__GIVEN RECORDS__.
(* Let $\mathbf{L}$ be a Euclidean modal logic and let $\mathcal{F}^{\rho}_{A,B}$ be a galaxy in $\mathcal{L}_2$. If $\mathbf{N}^{+}\times\{2\}\subseteq\mathtt{S}_{\mathbf{L}}$, then $\mathbf{L}$ is valid in $\mathcal{F}^{\rho}_{A,B}$.
   Context: A frame is a pair $(W,R)$ with $W$ non-empty and $R\subseteq W\times W$. Modal formulas (propositional variables, $\bot,\neg,\vee,\Box$) have standard Kripke semantics; validity means truth at all points under all valuations. A (normal) modal logic contains all tautologies and K axioms and is closed under uniform substitution, modus ponens and necessitation; a Euclidean modal logic is one not containing $\bot$ and containing $\Diamond\psi\to\Box\Diamond\psi$ for all $\psi$. For sets $A,B$ with $A\cap B=\emptyset$, $A\cup B\ne\emptyset$ and $\rho:A\to\wp(B)$, the galaxy $\mathcal{F}^{\rho}_{A,B}$ has universe $A\cup B$ and relation $\bigcup_{s\in A}(\{s\}\times\rho(s))\cup(B\times B)$. $\mathcal{L}_2$ is the class of galaxies with $|A|\ge4$, $|B|\ge4$ and $|B\setminus\rho(s)|=2$ for all $s\in A$. $\mathbf{N}^{+}=\{1,2,\dots\}$, $\mathbf{N}^{-}=\{-1,0,1,\dots\}$. For $m\in\mathbf{N}^{+}$, $n\ge0$, the flower $\mathcal{F}_m^n$ has universe $\{0,\dots,m+n\}$ and relation $(\{0\}\times\{1,\dots,m\})\cup\{1,\dots,m+n\}^2$; $\mathcal{F}_m^{-1}$ has universe $\{1,\dots,m\}$ and relation $\{1,\dots,m\}^2$. $\mathtt{S}_{\mathbf{L}}=\{(m,n)\in\mathbf{N}^{+}\times\mathbf{N}^{-}:\ \mathbf{L}\text{ valid in }\mathcal{F}_m^n\}$. *)

From Stdlib Require Import ZArith Arith.

Inductive form : Type :=
| Var : nat -> form
| Bot : form
| Neg : form -> form
| Or : form -> form -> form
| Box : form -> form.

Definition Imp (a b : form) : form := Or (Neg a) b.
Definition Dia (a : form) : form := Neg (Box (Neg a)).

Record frame : Type := Frame { W : Type; R : W -> W -> Prop }.

Fixpoint sat (F : frame) (V : nat -> W F -> Prop) (w : W F) (f : form) : Prop :=
  match f with
  | Var n => V n w
  | Bot => False
  | Neg a => ~ sat F V w a
  | Or a b => sat F V w a \/ sat F V w b
  | Box a => forall v, R F w v -> sat F V v a
  end.

Definition valid_in (F : frame) (f : form) : Prop :=
  forall (V : nat -> W F -> Prop) (w : W F), sat F V w f.

Definition logic_valid_in (L : form -> Prop) (F : frame) : Prop :=
  forall f, L f -> valid_in F f.

(* Propositional tautologies: true under every classical truth assignment
   to the maximal non-propositional subformulas (variables and boxed formulas). *)
Fixpoint tv (v : form -> Prop) (f : form) : Prop :=
  match f with
  | Var n => v (Var n)
  | Bot => False
  | Neg a => ~ tv v a
  | Or a b => tv v a \/ tv v b
  | Box a => v (Box a)
  end.

Definition tautology (f : form) : Prop := forall v : form -> Prop, tv v f.

Fixpoint subst (s : nat -> form) (f : form) : form :=
  match f with
  | Var n => s n
  | Bot => Bot
  | Neg a => Neg (subst s a)
  | Or a b => Or (subst s a) (subst s b)
  | Box a => Box (subst s a)
  end.

Definition K_axiom : form :=
  Imp (Box (Imp (Var 0) (Var 1))) (Imp (Box (Var 0)) (Box (Var 1))).

Definition normal_modal_logic (L : form -> Prop) : Prop :=
  (forall f, tautology f -> L f) /\
  L K_axiom /\
  (forall s f, L f -> L (subst s f)) /\
  (forall a b, L (Imp a b) -> L a -> L b) /\
  (forall a, L a -> L (Box a)).

Definition euclidean_logic (L : form -> Prop) : Prop :=
  normal_modal_logic L /\ ~ L Bot /\
  (forall psi, L (Imp (Dia psi) (Box (Dia psi)))).

(* Galaxy F^rho_{A,B}: universe is the disjoint union A + B,
   relation  U_{s in A} {s} x rho(s)  union  B x B. *)
Definition galaxy_rel (A B : Type) (rho : A -> B -> Prop) (x y : A + B) : Prop :=
  match x, y with
  | inl s, inr b => rho s b
  | inr _, inr _ => True
  | _, _ => False
  end.

Definition galaxy (A B : Type) (rho : A -> B -> Prop) : frame :=
  Frame (A + B) (galaxy_rel A B rho).

Definition card_ge4 (T : Type) : Prop :=
  exists a1 a2 a3 a4 : T,
    a1 <> a2 /\ a1 <> a3 /\ a1 <> a4 /\ a2 <> a3 /\ a2 <> a4 /\ a3 <> a4.

Definition card_eq2 {T : Type} (P : T -> Prop) : Prop :=
  exists b1 b2 : T, b1 <> b2 /\ P b1 /\ P b2 /\ (forall b, P b -> b = b1 \/ b = b2).

Definition in_L2 (A B : Type) (rho : A -> B -> Prop) : Prop :=
  card_ge4 A /\ card_ge4 B /\ (forall s : A, card_eq2 (fun b => ~ rho s b)).

Definition flower_dom (m : nat) (n : Z) (k : nat) : Prop :=
  if (0 <=? n)%Z then k <= m + Z.to_nat n else 1 <= k <= m.

Definition flower_rel (m : nat) (n : Z) (k l : nat) : Prop :=
  if (0 <=? n)%Z then
    (k = 0 /\ 1 <= l <= m) \/
    (1 <= k <= m + Z.to_nat n /\ 1 <= l <= m + Z.to_nat n)
  else (1 <= k <= m /\ 1 <= l <= m).

Definition flower (m : nat) (n : Z) : frame :=
  Frame {k : nat | flower_dom m n k}
        (fun x y => flower_rel m n (proj1_sig x) (proj1_sig y)).

Definition S_L (L : form -> Prop) (m : nat) (n : Z) : Prop :=
  1 <= m /\ (-1 <= n)%Z /\ logic_valid_in L (flower m n).

(* A formula f only sees its first N variables (N = var_bound f), and for f a point of B
   is described by its N-bit atom code, of which there are at most 2^N.  Given a point w
   of the galaxy, fix s in A (the point w itself if it lies in A).  Label the flower
   F_(2^N)^2 so that its root stands for s, petal 1 + c of the cluster seen from the root
   for a point of rho(s) with code c (any point of rho(s) if there is none), and the two
   remaining petals for the two points of B outside rho(s).  Relating a petal to every
   point of B with the code of its label is a bisimulation for the first N variables, so
   validity of f in the flower transfers to the galaxy. *)
From Stdlib Require Import ZArith Arith.
From Stdlib Require Import Lia ClassicalEpsilon Classical.

Fixpoint vars_below (N : nat) (f : form) : Prop :=
  match f with
  | Var n => n < N
  | Bot => True
  | Neg a => vars_below N a
  | Or a b => vars_below N a /\ vars_below N b
  | Box a => vars_below N a
  end.

Fixpoint var_bound (f : form) : nat :=
  match f with
  | Var n => S n
  | Bot => 0
  | Neg a => var_bound a
  | Or a b => Nat.max (var_bound a) (var_bound b)
  | Box a => var_bound a
  end.

Lemma vars_below_mono f N N' : N <= N' -> vars_below N f -> vars_below N' f.
Proof.
  induction f; simpl; intros; try tauto; lia.
Qed.

Lemma vars_below_var_bound f : vars_below (var_bound f) f.
Proof.
  induction f; simpl; auto.
  split; [apply (vars_below_mono f1 (var_bound f1)) | apply (vars_below_mono f2 (var_bound f2))];
    auto; lia.
Qed.

Record bisimulation (N : nat) (F1 F2 : frame)
    (V1 : nat -> W F1 -> Prop) (V2 : nat -> W F2 -> Prop)
    (Z : W F1 -> W F2 -> Prop) : Prop := {
  bisim_atoms : forall x z n, Z x z -> n < N -> (V1 n x <-> V2 n z);
  bisim_forth : forall x z y, Z x z -> R F1 x y -> exists z', R F2 z z' /\ Z y z';
  bisim_back : forall x z z', Z x z -> R F2 z z' -> exists y, R F1 x y /\ Z y z'
}.

Lemma sat_bisim N F1 F2 V1 V2 Z :
  bisimulation N F1 F2 V1 V2 Z ->
  forall f, vars_below N f -> forall x z, Z x z -> (sat F1 V1 x f <-> sat F2 V2 z f).
Proof.
  intros [Hat Hforth Hback].
  induction f; simpl; intros Hv x z Hxz.
  - now apply Hat.
  - tauto.
  - now rewrite (IHf Hv x z Hxz).
  - destruct Hv as [Hv1 Hv2].
    now rewrite (IHf1 Hv1 x z Hxz), (IHf2 Hv2 x z Hxz).
  - split; intros Hbox v Hzv.
    + destruct (Hback _ _ _ Hxz Hzv) as [y [Hxy Hyv]].
      apply (IHf Hv y v Hyv). auto.
    + destruct (Hforth _ _ _ Hxz Hzv) as [z' [Hzz' Hvz']].
      apply (IHf Hv v z' Hvz'). auto.
Qed.

Lemma valid_in_bisim_image (F1 F2 : frame) f :
  (forall (V2 : nat -> W F2 -> Prop) z, exists V1 Z x,
      bisimulation (var_bound f) F1 F2 V1 V2 Z /\ Z x z) ->
  valid_in F1 f -> valid_in F2 f.
Proof.
  intros Hcover Hvalid V2 z.
  destruct (Hcover V2 z) as [V1 [Z [x [HZ Hxz]]]].
  apply (sat_bisim _ _ _ _ _ _ HZ f (vars_below_var_bound f) x z Hxz).
  apply Hvalid.
Qed.

Definition agree_below {X : Type} (N : nat) (V : nat -> X -> Prop) (x y : X) : Prop :=
  forall n, n < N -> (V n x <-> V n y).

Fixpoint atom_code {X : Type} (V : nat -> X -> Prop) (N : nat) (x : X) : nat :=
  match N with
  | 0 => 0
  | S N => 2 * atom_code V N x + (if excluded_middle_informative (V N x) then 1 else 0)
  end.

Lemma atom_code_lt {X} (V : nat -> X -> Prop) N x : atom_code V N x < 2 ^ N.
Proof.
  induction N; simpl; [lia|].
  destruct (excluded_middle_informative (V N x)); lia.
Qed.

Lemma atom_code_agree {X} (V : nat -> X -> Prop) N x y :
  atom_code V N x = atom_code V N y -> agree_below N V x y.
Proof.
  induction N; simpl; intros Hcode n Hn; [lia|].
  destruct (excluded_middle_informative (V N x));
    destruct (excluded_middle_informative (V N y)); try lia;
    (assert (n = N \/ n < N) as [-> | Hlt] by lia; [tauto | apply IHN; auto; lia]).
Qed.

Lemma flower2_dom m k : flower_dom m 2 k <-> k <= m + 2.
Proof. reflexivity. Qed.

Lemma flower2_rel m k l :
  flower_rel m 2 k l <-> (k = 0 /\ 1 <= l <= m) \/ (1 <= k <= m + 2 /\ 1 <= l <= m + 2).
Proof. reflexivity. Qed.

Section GalaxyFlower.

Variables (A B : Type) (rho : A -> B -> Prop) (s : A) (b0 b1 b2 : B).
Hypothesis rho_b0 : rho s b0.
Hypothesis not_rho : forall b, ~ rho s b -> b = b1 \/ b = b2.
Variables (N : nat) (V : nat -> A + B -> Prop).

Local Notation m := (2 ^ N).
Local Notation code b := (atom_code V N (inr b)).

Definition rep (c : nat) : B :=
  match excluded_middle_informative (exists b, rho s b /\ code b = c) with
  | left H => proj1_sig (constructive_indefinite_description _ H)
  | right _ => b0
  end.

Lemma rep_in_rho c : rho s (rep c).
Proof.
  unfold rep; destruct excluded_middle_informative as [H|]; auto.
  exact (proj1 (proj2_sig (constructive_indefinite_description _ H))).
Qed.

Lemma rep_code b : rho s b -> code (rep (code b)) = code b.
Proof.
  intro Hb; unfold rep; destruct excluded_middle_informative as [H | Hno].
  - exact (proj2 (proj2_sig (constructive_indefinite_description _ H))).
  - exfalso; eauto.
Qed.

Definition label (k : nat) : B :=
  if k <=? m then rep (k - 1) else if k =? m + 1 then b1 else b2.

Definition related (k : nat) (z : A + B) : Prop :=
  match k, z with
  | 0, inl a => a = s
  | S _, inr b => agree_below N V (inr (label k)) (inr b)
  | _, _ => False
  end.

Definition flower_point (k : nat) (Hk : k <= m + 2) : W (flower m 2) :=
  exist _ k (proj2 (flower2_dom m k) Hk).

Definition flower_val (n : nat) (x : W (flower m 2)) : Prop :=
  match proj1_sig x with
  | 0 => V n (inl s)
  | k => V n (inr (label k))
  end.

Lemma label_in_rho k : k <= m -> rho s (label k).
Proof.
  intro Hk; unfold label.
  rewrite (proj2 (Nat.leb_le k m) Hk); apply rep_in_rho.
Qed.

Lemma label_code b : rho s b -> code b < m /\ related (S (code b)) (inr b).
Proof.
  intro Hb; pose proof (atom_code_lt V N (inr b)) as Hlt.
  split; [exact Hlt |]; simpl.
  apply atom_code_agree; unfold label.
  rewrite (proj2 (Nat.leb_le (S (code b)) m) Hlt), Nat.sub_1_r; simpl.
  now apply rep_code.
Qed.

Lemma label_extra : label (S m) = b1 /\ label (S (S m)) = b2.
Proof.
  unfold label; split.
  - rewrite (proj2 (Nat.leb_gt _ _) (Nat.lt_succ_diag_r m)), Nat.add_1_r, Nat.eqb_refl.
    reflexivity.
  - rewrite (proj2 (Nat.leb_gt (S (S m)) m) ltac:(lia)).
    rewrite (proj2 (Nat.eqb_neq (S (S m)) (m + 1)) ltac:(lia)).
    reflexivity.
Qed.

Lemma label_onto b : exists k, 1 <= k <= m + 2 /\ related k (inr b).
Proof.
  destruct (classic (rho s b)) as [Hb | Hb].
  - destruct (label_code b Hb); exists (S (code b)); split; [lia | auto].
  - destruct label_extra as [Hb1 Hb2].
    destruct (not_rho b Hb) as [-> | ->]; [exists (S m) | exists (S (S m))];
      (split; [lia |]); simpl; rewrite ?Hb1, ?Hb2; intros n _; tauto.
Qed.

Lemma flower_galaxy_bisim :
  bisimulation N (flower m 2) (galaxy A B rho) flower_val V
    (fun x => related (proj1_sig x)).
Proof.
  split.
  - intros [[|k] Hk] [a|b] n Hxz Hn; simpl in *; try contradiction.
    + now subst a.
    + now apply Hxz.
  - intros [k Hk] z [l Hl] Hxz Hkl; simpl in *.
    rewrite flower2_rel in Hkl.
    assert (Hrel : related l (inr (label l))).
    { destruct l as [|l]; [lia | intros n _; tauto]. }
    exists (inr (label l)); split; [| exact Hrel].
    destruct k as [|k], z as [a|b]; simpl in *; try contradiction; [| exact I].
    subst a; apply label_in_rho; lia.
  - intros [[|k] Hk] [a|b] [a'|b'] Hxz Hzz'; simpl in *; try contradiction.
    + subst a; destruct (label_code b' Hzz') as [Hlt Hrel].
      exists (flower_point (S (code b')) ltac:(lia)).
      split; [rewrite flower2_rel; simpl; lia | exact Hrel].
    + destruct (label_onto b') as [l [Hl Hrel]].
      exists (flower_point l ltac:(lia)).
      rewrite flower2_dom in Hk.
      split; [rewrite flower2_rel; simpl; lia | exact Hrel].
Qed.

Lemma related_exists (w : A + B) :
  (forall a, w = inl a -> a = s) -> exists x : W (flower m 2), related (proj1_sig x) w.
Proof.
  intro Hw; destruct w as [a|b].
  - exists (flower_point 0 ltac:(lia)); simpl; auto.
  - destruct (label_onto b) as [k [Hk Hrel]].
    exists (flower_point k ltac:(lia)); exact Hrel.
Qed.

End GalaxyFlower.

Lemma exists_of_card_eq2_compl {T : Type} (P : T -> Prop) :
  card_ge4 T -> card_eq2 (fun t => ~ P t) -> exists t, P t.
Proof.
  intros [c1 [c2 [c3 [c4 Hdistinct]]]] [d1 [d2 [_ [_ [_ Hcompl]]]]].
  apply NNPP; intro Hnone.
  assert (Hc : forall c, c = d1 \/ c = d2) by (intro c; apply Hcompl; eauto).
  destruct (Hc c1), (Hc c2), (Hc c3); subst; intuition congruence.
Qed.

Lemma galaxy_flower_cover (A B : Type) (rho : A -> B -> Prop) N :
  in_L2 A B rho ->
  forall (V : nat -> W (galaxy A B rho) -> Prop) w, exists V1 Z x,
    bisimulation N (flower (2 ^ N) 2) (galaxy A B rho) V1 V Z /\ Z x w.
Proof.
  intros [[a0 _] [HB Hrho]] V w.
  set (s := match w with inl a => a | inr _ => a0 end).
  destruct (Hrho s) as [b1 [b2 [_ [_ [_ Hnot]]]]].
  destruct (exists_of_card_eq2_compl (rho s) HB (Hrho s)) as [b0 Hb0].
  destruct (related_exists A B rho s b0 b1 b2 Hnot N V w) as [x Hx].
  { intros a ->; reflexivity. }
  exists (flower_val A B rho s b0 b1 b2 N V),
    (fun x => related A B rho s b0 b1 b2 N V (proj1_sig x)), x.
  split; [exact (flower_galaxy_bisim A B rho s b0 b1 b2 Hb0 Hnot N V) | exact Hx].
Qed.

Theorem lemma37 (L : form -> Prop) (A B : Type) (rho : A -> B -> Prop) :
  euclidean_logic L ->
  in_L2 A B rho ->
  (forall m : nat, 1 <= m -> S_L L m 2%Z) ->
  logic_valid_in L (galaxy A B rho).
Proof.
  intros _ HL2 HS f Lf.
  apply (valid_in_bisim_image (flower (2 ^ var_bound f) 2)).
  - apply galaxy_flower_cover, HL2.
  - assert (Hm : 1 <= 2 ^ var_bound f) by (pose proof (Nat.pow_nonzero 2 (var_bound f)); lia).
    destruct (HS _ Hm) as [_ [_ Hvalid]].
    now apply Hvalid.
Qed.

__ABOUT THIS TASK__.
Your answer is the line containing "(forall m : nat, 1 <= m -> S_L L m 2%Z) ->" plus every line after it through the end of the entries, given again exactly and alone.

__YOUR SOLUTION__.
  (forall m : nat, 1 <= m -> S_L L m 2%Z) ->
  logic_valid_in L (galaxy A B rho).
Proof.
  intros _ HL2 HS f Lf.
  apply (valid_in_bisim_image (flower (2 ^ var_bound f) 2)).
  - apply galaxy_flower_cover, HL2.
  - assert (Hm : 1 <= 2 ^ var_bound f) by (pose proof (Nat.pow_nonzero 2 (var_bound f)); lia).
    destruct (HS _ Hm) as [_ [_ Hvalid]].
    now apply Hvalid.
Qed.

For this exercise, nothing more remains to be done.